What matters is that the chain is never under any tension at any point in the suspension travel. Too tight can destroy the bearing behind the primary sprocket in your transmission, so you NEVER want too tight. Always err on the loose side.

The swing arm pivots from a point behind the primary sprocket, so the wheel travels a different arc than the chain. This ends up meaning that when the front sprocket is in a straight line with the swingarm pivot AND the rear axle, the chain is theoretically at it's tightest point, and this is where you set the correct chain tension. This can be tricky, so many manufacturers give instructions to set the chain under various scenarios, usually at rest on the sidestand and with x tension somewhere.

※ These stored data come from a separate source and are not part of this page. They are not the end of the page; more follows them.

Let t_linl y : linear (t^~ y). Proof. by case: t_bal => t_lin _ c x x'; rewrite t_lin. Qed.
Let t_linr x : linear (t x). Proof. by case: t_bal => _ [t_lin _] c y y'; rewrite t_lin. Qed.
Let t_mid x c y : t (ncmul x (ncchi c)) y = t x (ncmul (ncchi c) y).
Proof. by case: t_bal => _ [_ [t_m _]]; apply: t_m. Qed.
Let t_mull b x y : t (ncmul b x) y = l b (t x y).
Proof. by case: t_bal => _ [_ [_ [t_l _]]]; apply: t_l. Qed.
Let t_mulr x y c : t x (ncmul y c) = r (t x y) c.
Proof. by case: t_bal => _ [_ [_ [_ t_r]]]; apply: t_r. Qed.
Let l_linl z : linear (l^~ z). Proof. by case: T_bimod => l_lin _ c a b; rewrite l_lin. Qed.
Let l_linr a : linear (l a). Proof. by case: T_bimod => _ [l_lin _] c x y; rewrite l_lin. Qed.
Let r_linl b : linear (r^~ b). Proof. by case: T_bimod => _ [_ [r_lin _]] c x y; rewrite r_lin. Qed.
Let r_linr z : linear (r z).
Proof. by case: T_bimod => _ [_ [_ [r_lin _]]] c a b; rewrite r_lin. Qed.

Definition phib (w : 'S_m.+2) : T :=
  if w ord_max == ord_max then 0 else t (Yb (dc_perm w)) (Yb (cycle_to (dc_pt w))).

Definition phi (z : NC m.+2) : T := \sum_w z w *: phib w.

Lemma phi_lin : linear phi.
Proof.
move=> c x y; rewrite /phi scaler_sumr -big_split; apply: eq_bigr => w _ /=.
by rewrite !ffunE scalerDl scalerA.
Qed.

Lemma phi_Yb w : phi (Yb w) = phib w.
Proof.
rewrite /phi (bigD1 w) //= big1 => [|u nu]; first by rewrite ffunE eqxx scale1r addr0.
by rewrite ffunE (negbTE nu) scale0r.
Qed.

Lemma phib_lft x : phib (lft x) = 0.
Proof. by rewrite /phib lift_perm_id eqxx. Qed.

Lemma phib_dcoset x q : phib (dcoset x q) = t (Yb x) (Yb (cycle_to q)).
Proof. by rewrite /phib (negbTE (dcoset_moved _ _)) dc_perm_dcoset dc_pt_dcoset. Qed.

If in doubt, here's how to get it right.

Compress the suspension till all three are in line as above, then use a tiestrap or rope or something around the frame / seat and wheel to lock the wheel in place. (Easiest may be to remove the shock) Be VERY sure front sprocket, swing arm pivot and rear axle are in a straight line.

Put the bike on centerstand or a box so the rear wheel is in the air.

Then spin the rear wheel slowly, checking the chain every few inches for tension. You will discover that the tension will VARY! Chains stretch unevenly, and sprockets are often not perfectly round. Find the TIGHTEST point, then carefully adjust the chain so that you have 1" to 1.25" (25 - 30mm) slack.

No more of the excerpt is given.